Prompt: What lines below contain the word "huniq"? Please pull each one out.
● ● ● ● ● ● ●
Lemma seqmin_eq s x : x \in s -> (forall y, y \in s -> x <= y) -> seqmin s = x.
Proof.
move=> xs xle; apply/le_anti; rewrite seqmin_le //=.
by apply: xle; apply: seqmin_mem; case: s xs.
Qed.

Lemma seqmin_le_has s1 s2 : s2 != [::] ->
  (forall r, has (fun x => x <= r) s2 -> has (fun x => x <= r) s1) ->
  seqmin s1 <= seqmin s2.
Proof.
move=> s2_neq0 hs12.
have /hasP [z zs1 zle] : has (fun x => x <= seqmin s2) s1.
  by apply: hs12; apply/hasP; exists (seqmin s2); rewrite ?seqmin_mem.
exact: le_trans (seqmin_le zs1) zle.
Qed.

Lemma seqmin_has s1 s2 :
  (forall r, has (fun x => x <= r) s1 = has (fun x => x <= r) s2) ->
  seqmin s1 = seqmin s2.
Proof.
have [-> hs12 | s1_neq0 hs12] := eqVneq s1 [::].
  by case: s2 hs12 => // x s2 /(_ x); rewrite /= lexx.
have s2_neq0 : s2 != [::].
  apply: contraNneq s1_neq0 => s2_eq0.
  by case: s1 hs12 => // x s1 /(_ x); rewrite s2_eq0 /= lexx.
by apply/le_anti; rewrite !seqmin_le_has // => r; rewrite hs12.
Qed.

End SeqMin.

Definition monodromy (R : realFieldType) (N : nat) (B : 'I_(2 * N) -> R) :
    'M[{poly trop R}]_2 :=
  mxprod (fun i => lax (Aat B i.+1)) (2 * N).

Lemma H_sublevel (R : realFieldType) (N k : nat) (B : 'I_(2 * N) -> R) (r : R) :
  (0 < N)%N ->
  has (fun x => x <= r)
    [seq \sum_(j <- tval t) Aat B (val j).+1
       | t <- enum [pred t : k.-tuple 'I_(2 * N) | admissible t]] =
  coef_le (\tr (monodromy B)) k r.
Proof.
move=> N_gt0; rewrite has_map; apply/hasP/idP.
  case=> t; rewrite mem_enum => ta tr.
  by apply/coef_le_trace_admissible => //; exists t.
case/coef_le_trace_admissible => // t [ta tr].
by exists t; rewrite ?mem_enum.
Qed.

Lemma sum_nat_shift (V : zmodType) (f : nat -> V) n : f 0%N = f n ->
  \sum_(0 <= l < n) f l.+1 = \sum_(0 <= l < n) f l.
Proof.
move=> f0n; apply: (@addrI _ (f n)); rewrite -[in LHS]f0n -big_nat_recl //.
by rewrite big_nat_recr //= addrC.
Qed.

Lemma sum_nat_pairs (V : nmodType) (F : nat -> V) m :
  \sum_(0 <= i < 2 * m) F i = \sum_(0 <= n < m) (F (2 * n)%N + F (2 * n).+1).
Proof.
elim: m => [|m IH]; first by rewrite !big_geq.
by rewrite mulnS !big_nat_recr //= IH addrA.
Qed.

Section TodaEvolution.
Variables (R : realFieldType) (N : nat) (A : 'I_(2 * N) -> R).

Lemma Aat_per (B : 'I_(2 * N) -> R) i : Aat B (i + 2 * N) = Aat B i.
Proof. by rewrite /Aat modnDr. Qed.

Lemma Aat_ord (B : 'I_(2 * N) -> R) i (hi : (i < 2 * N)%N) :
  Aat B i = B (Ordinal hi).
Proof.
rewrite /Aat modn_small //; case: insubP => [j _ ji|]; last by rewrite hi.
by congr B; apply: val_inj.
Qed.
● ● ● ● ● ● ●
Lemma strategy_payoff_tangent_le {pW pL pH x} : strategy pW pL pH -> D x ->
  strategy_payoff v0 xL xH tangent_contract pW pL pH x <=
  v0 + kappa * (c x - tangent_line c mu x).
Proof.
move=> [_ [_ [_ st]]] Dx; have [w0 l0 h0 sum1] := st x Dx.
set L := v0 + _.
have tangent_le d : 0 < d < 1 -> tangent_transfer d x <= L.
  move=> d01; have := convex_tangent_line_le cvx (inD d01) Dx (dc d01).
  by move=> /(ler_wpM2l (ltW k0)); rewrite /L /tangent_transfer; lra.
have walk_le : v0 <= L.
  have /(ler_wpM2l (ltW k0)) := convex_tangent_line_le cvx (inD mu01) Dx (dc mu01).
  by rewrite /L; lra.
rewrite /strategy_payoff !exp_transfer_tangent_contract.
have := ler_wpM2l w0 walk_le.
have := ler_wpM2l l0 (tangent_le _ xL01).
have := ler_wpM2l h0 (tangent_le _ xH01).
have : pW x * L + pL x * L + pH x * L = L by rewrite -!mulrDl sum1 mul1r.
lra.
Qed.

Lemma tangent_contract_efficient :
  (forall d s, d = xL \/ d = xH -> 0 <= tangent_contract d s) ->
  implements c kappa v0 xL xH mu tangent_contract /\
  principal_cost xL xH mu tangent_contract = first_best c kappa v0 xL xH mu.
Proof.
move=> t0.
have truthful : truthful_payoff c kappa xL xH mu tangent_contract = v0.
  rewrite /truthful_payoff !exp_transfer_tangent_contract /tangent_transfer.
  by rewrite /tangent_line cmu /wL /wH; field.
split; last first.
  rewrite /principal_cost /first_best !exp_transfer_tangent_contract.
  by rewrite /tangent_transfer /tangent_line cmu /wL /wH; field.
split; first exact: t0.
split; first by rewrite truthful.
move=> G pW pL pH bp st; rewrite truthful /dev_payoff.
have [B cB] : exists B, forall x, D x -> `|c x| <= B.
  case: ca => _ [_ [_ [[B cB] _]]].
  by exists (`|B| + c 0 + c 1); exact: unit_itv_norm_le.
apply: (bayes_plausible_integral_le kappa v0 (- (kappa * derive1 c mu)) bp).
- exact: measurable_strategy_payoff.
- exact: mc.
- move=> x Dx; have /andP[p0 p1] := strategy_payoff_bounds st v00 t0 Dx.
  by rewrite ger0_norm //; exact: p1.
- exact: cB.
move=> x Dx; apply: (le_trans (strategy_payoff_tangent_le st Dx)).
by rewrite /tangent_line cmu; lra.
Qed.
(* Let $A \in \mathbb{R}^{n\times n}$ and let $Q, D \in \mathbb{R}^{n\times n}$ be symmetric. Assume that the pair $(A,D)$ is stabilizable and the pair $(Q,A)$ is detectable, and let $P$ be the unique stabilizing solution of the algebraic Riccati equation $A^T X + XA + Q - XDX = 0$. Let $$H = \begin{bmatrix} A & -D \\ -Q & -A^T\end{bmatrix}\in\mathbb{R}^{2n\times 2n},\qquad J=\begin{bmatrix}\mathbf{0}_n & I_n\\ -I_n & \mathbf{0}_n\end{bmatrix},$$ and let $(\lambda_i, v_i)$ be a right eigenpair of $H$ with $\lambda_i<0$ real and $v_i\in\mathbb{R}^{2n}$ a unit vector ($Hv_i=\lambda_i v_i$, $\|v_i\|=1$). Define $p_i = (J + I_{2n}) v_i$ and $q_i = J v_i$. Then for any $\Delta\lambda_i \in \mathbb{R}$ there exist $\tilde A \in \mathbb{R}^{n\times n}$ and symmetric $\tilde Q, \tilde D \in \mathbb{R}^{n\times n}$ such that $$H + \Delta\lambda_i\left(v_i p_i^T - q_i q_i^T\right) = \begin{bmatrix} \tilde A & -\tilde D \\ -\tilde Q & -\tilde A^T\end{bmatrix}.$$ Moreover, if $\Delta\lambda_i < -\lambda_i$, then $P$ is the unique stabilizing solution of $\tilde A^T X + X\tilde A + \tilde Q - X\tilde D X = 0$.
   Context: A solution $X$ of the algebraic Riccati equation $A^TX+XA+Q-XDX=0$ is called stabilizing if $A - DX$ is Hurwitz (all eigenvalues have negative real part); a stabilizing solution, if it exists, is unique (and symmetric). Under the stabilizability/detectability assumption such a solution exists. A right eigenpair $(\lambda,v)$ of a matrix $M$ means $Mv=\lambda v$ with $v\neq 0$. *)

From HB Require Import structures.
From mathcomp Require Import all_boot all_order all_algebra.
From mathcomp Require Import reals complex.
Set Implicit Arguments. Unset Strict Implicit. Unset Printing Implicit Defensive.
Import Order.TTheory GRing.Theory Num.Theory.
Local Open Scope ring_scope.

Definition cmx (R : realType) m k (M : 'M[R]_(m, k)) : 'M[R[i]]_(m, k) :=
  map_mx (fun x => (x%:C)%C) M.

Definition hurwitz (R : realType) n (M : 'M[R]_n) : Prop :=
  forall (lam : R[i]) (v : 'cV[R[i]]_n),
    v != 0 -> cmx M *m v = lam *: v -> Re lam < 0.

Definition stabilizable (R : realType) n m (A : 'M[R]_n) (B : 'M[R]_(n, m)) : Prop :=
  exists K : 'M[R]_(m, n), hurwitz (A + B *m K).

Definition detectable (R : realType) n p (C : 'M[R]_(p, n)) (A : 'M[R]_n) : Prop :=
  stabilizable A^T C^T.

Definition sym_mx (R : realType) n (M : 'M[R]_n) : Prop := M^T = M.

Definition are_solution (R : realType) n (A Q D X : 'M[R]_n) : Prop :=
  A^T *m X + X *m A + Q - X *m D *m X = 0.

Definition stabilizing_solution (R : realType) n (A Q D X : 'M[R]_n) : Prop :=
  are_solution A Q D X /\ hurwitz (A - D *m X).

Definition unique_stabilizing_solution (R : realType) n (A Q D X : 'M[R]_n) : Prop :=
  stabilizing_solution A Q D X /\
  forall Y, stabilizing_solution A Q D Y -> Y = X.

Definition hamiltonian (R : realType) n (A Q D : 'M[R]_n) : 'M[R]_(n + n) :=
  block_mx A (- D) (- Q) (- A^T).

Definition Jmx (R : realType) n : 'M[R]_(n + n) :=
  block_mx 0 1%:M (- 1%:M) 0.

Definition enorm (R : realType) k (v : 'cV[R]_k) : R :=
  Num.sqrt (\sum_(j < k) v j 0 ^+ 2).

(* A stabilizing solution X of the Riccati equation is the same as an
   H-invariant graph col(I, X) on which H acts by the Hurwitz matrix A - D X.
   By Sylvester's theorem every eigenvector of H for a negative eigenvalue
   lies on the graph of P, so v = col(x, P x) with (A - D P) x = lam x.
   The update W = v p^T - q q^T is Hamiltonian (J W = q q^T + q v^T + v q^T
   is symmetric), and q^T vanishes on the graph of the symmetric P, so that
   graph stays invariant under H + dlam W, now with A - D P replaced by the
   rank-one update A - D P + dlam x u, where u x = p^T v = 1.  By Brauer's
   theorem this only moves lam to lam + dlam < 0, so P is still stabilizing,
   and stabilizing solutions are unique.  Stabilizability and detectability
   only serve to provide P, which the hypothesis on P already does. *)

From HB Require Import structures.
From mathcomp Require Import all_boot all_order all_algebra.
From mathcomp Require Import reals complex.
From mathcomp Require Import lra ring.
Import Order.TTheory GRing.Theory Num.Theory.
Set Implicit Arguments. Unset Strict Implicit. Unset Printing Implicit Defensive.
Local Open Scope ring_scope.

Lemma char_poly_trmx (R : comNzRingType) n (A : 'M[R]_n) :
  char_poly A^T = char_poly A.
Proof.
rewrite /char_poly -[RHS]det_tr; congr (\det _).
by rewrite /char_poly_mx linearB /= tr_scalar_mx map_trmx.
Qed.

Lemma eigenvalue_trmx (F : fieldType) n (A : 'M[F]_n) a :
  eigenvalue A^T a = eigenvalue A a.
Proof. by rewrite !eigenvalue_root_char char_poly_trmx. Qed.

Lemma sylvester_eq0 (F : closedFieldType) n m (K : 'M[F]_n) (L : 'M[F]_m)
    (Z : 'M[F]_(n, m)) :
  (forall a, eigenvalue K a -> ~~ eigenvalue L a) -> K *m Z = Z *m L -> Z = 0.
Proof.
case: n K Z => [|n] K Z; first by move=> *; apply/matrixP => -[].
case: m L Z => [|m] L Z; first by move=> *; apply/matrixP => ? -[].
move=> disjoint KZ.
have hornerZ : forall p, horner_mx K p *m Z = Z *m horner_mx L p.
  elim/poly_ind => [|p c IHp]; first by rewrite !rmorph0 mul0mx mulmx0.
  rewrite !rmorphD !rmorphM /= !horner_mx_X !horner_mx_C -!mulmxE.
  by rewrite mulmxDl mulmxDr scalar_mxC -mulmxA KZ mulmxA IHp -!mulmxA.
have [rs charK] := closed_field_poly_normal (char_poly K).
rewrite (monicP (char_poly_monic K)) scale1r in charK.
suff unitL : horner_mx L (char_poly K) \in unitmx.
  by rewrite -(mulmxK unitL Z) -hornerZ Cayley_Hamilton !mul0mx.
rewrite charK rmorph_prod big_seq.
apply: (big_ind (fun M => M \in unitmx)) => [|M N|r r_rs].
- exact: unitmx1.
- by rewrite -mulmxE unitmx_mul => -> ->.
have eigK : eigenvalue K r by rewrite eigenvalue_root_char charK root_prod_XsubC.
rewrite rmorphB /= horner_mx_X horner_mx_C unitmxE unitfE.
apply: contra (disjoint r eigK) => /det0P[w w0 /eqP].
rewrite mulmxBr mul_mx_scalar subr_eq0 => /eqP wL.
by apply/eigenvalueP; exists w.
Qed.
● ● ● ● ● ● ●
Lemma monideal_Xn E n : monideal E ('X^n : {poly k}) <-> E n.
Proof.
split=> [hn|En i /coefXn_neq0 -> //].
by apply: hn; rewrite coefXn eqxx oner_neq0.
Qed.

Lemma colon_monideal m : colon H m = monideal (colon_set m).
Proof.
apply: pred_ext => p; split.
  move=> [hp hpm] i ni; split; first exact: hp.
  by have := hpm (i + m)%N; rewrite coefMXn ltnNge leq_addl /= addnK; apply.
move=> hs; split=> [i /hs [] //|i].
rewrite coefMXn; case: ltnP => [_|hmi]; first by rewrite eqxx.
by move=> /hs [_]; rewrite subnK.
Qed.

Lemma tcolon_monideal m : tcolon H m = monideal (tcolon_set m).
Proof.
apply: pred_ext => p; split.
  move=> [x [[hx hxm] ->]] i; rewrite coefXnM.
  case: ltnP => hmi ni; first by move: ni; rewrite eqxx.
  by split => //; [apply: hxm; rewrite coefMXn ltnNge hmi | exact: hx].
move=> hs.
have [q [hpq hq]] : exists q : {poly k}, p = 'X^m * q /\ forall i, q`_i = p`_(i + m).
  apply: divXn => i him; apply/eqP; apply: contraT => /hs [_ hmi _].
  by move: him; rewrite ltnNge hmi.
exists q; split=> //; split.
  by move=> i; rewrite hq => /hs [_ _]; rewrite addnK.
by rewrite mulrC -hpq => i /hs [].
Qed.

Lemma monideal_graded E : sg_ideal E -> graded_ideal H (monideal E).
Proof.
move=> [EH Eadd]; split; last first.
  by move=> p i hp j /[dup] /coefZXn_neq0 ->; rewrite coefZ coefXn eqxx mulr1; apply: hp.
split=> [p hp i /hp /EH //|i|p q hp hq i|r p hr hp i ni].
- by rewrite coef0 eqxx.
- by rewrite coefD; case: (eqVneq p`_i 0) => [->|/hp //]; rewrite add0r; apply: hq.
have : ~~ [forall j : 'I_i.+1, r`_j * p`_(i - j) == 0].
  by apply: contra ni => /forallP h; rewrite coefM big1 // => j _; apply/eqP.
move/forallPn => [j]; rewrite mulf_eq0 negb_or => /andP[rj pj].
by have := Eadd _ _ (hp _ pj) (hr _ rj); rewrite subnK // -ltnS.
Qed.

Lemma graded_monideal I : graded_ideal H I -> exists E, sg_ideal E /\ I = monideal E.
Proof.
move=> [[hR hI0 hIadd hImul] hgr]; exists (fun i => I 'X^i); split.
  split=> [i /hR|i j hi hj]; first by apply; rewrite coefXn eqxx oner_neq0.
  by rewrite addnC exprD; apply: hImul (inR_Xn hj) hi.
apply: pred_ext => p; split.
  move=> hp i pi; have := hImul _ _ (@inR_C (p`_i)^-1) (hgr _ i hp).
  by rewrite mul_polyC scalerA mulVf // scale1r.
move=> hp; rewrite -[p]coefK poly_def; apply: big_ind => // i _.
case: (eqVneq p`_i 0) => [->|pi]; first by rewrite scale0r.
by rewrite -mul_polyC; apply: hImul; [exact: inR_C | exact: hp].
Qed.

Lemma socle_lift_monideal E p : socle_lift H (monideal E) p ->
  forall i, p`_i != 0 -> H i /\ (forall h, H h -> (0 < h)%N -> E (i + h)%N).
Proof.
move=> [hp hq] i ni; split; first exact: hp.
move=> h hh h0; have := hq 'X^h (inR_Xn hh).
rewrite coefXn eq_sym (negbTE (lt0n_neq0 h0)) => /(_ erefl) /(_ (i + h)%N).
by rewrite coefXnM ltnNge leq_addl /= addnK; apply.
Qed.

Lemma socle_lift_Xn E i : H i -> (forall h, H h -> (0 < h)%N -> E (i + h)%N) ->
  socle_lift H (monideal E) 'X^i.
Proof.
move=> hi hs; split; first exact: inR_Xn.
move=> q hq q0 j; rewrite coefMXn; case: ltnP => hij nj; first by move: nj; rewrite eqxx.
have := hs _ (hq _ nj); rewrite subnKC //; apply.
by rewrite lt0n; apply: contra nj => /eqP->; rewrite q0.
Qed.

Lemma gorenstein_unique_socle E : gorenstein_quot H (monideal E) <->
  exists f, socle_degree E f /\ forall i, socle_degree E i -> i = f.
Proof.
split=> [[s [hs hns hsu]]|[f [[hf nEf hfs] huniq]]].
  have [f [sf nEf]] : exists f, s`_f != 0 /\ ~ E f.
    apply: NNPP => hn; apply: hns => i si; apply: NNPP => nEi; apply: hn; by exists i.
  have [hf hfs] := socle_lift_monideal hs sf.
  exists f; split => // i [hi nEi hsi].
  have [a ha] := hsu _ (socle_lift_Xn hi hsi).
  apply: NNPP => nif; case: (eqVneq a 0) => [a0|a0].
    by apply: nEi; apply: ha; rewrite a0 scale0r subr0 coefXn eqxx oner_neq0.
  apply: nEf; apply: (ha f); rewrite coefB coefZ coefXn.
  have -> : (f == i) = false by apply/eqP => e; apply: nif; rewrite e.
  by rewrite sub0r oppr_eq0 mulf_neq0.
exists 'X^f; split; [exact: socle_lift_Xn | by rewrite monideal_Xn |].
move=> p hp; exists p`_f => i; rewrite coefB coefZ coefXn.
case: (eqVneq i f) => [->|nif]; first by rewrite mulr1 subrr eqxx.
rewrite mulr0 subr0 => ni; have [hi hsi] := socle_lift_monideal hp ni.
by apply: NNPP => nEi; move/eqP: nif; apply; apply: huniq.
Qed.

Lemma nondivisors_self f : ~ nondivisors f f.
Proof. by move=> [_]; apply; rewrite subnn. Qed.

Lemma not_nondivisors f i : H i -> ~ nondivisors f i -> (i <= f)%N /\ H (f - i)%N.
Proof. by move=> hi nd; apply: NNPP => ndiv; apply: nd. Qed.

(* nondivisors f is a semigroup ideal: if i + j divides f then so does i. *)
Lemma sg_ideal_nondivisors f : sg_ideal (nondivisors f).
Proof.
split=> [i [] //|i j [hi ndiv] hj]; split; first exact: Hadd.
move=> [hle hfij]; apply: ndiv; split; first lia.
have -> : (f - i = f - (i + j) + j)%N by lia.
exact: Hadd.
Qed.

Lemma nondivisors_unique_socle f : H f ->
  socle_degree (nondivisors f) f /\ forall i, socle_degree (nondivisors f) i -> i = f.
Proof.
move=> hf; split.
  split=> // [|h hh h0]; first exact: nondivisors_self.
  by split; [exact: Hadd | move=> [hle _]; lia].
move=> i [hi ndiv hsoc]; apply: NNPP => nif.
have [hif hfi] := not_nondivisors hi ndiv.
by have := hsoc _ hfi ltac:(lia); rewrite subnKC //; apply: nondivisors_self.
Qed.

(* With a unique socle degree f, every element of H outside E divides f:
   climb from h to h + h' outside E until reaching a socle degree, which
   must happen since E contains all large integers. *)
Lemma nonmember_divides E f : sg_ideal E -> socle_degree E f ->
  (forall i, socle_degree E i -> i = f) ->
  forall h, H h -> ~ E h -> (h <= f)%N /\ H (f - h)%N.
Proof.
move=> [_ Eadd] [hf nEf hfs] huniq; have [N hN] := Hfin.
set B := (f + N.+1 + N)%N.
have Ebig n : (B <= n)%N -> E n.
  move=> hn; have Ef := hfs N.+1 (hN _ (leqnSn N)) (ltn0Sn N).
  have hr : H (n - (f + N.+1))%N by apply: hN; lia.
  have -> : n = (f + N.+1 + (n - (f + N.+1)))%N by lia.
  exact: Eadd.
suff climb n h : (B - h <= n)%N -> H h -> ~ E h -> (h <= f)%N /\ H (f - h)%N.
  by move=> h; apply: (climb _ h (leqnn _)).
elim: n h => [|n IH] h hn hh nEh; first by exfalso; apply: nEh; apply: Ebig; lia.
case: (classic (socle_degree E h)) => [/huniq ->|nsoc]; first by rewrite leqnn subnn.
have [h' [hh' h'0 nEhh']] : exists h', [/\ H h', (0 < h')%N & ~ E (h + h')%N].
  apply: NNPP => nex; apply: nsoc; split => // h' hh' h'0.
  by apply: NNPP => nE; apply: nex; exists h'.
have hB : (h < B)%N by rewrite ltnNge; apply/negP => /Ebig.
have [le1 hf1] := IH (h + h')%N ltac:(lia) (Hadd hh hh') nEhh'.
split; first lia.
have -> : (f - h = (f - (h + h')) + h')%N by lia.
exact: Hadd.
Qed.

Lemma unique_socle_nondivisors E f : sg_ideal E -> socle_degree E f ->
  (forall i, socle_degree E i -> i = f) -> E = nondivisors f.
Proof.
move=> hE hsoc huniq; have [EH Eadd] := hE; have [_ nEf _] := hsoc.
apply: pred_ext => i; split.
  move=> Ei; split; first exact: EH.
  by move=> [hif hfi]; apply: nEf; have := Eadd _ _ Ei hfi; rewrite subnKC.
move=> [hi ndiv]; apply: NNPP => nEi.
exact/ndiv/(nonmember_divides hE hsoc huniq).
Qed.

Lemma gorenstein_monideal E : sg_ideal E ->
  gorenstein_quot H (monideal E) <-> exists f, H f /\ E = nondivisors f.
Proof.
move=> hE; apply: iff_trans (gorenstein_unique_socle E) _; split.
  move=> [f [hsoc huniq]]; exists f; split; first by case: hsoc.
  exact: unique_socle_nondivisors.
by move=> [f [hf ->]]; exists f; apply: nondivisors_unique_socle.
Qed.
● ● ● ● ● ● ●
Response to this exercise:
split=> [[s [hs hns hsu]]|[f [[hf nEf hfs] huniq]]].
by apply: NNPP => nEi; move/eqP: nif; apply; apply: huniq.
move=> [_ Eadd] [hf nEf hfs] huniq; have [N hN] := Hfin.
case: (classic (socle_degree E h)) => [/huniq ->|nsoc]; first by rewrite leqnn subnn.
move=> hE hsoc huniq; have [EH Eadd] := hE; have [_ nEf _] := hsoc.
exact/ndiv/(nonmember_divides hE hsoc huniq).
  move=> [f [hsoc huniq]]; exists f; split; first by case: hsoc.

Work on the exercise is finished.